(* Let $\lambda$ be a partition and $\pi$ an $R_\lambda$-permutation. If $\pi$ is $R_\lambda$-312-avoiding, then $\mathcal{D}_\lambda(\pi)=[Y_\lambda(\pi)]$, i.e. $\mathcal{D}_\lambda(\pi)=\{T\in\mathcal{T}_\lambda: T\le Y_\lambda(\pi)\}$.
   Context: Fix $n\ge1$; $[m]=\{1,\dots,m\}$. A partition is $\lambda=(\lambda_1\ge\cdots\ge\lambda_n\ge0)\in\mathbb{Z}^n$, with boxes $(j,i)$ (column $j$, row $i$), $1\le j\le\lambda_1$, $1\le i\le\zeta_j:=\#\{i:\lambda_i\ge j\}$; $R_\lambda:=\{\zeta_j:\zeta_j<n\}$ with elements $q_1<\dots<q_r$, $q_0:=0$, $q_{r+1}:=n$. An $R_\lambda$-permutation is a permutation $\pi$ of $[n]$ (one-line notation) strictly increasing on each index set $\{q_{h-1}+1,\dots,q_h\}$; it is $R_\lambda$-312-containing if there exist $h\in[r-1]$ and $1\le a\le q_h<b\le q_{h+1}<c\le n$ with $\pi_b<\pi_c<\pi_a$, and $R_\lambda$-312-avoiding otherwise. A tableau of shape $\lambda$ fills the boxes with values in $[n]$, strictly increasing down columns and weakly increasing along rows; $\mathcal{T}_\lambda$ is their set, ordered entrywise. The $\lambda$-key $Y_\lambda(\pi)$ is the tableau whose column $j$ consists of $\{\pi_1,\dots,\pi_{\zeta_j}\}$ in increasing order. Scanning tableau: the earliest weakly increasing subsequence (EWIS) of $x_1,x_2,\dots$ is $x_{i_1},x_{i_2},\dots$ with $i_1=1$ and $i_u$ the smallest index $>i_{u-1}$ with $x_{i_u}\ge x_{i_{u-1}}$. For $T\in\mathcal{T}_\lambda$ and $l\in[\lambda_1]$, column $l$ of $S(T)$ is computed as follows: consider the boxes of $T$ in columns $l,\dots,\lambda_1$, initially unmarked; for $k=\zeta_l,\zeta_l-1,\dots,1$ in turn, form the sequence of lowest unmarked entries of columns $l,l+1,\dots$ (left to right, over columns still having unmarked boxes), take its EWIS, mark the contributing boxes, and set the entry of $S(T)$ at column $l$, row $k$ to the last term of the EWIS. The set of Demazure tableaux is $\mathcal{D}_\lambda(\pi):=\{T\in\mathcal{T}_\lambda:S(T)\le Y_\lambda(\pi)\}$. *)

From mathcomp Require Import all_boot.
Set Implicit Arguments. Unset Strict Implicit. Unset Printing Implicit Defensive.

Definition is_partition (n : nat) (lam : seq nat) : Prop :=
  size lam = n /\ sorted geq lam.

Definition lam1 (lam : seq nat) : nat := nth 0 lam 0.

Definition zeta (lam : seq nat) (j : nat) : nat := count (fun x => j <= x) lam.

———

§ Problem to work on
The lines sought are those in the data above that include the string "Definition"; copy each one.

§ Expected answer
Definition is_partition (n : nat) (lam : seq nat) : Prop :=
Definition lam1 (lam : seq nat) : nat := nth 0 lam 0.
Definition zeta (lam : seq nat) (j : nat) : nat := count (fun x => j <= x) lam.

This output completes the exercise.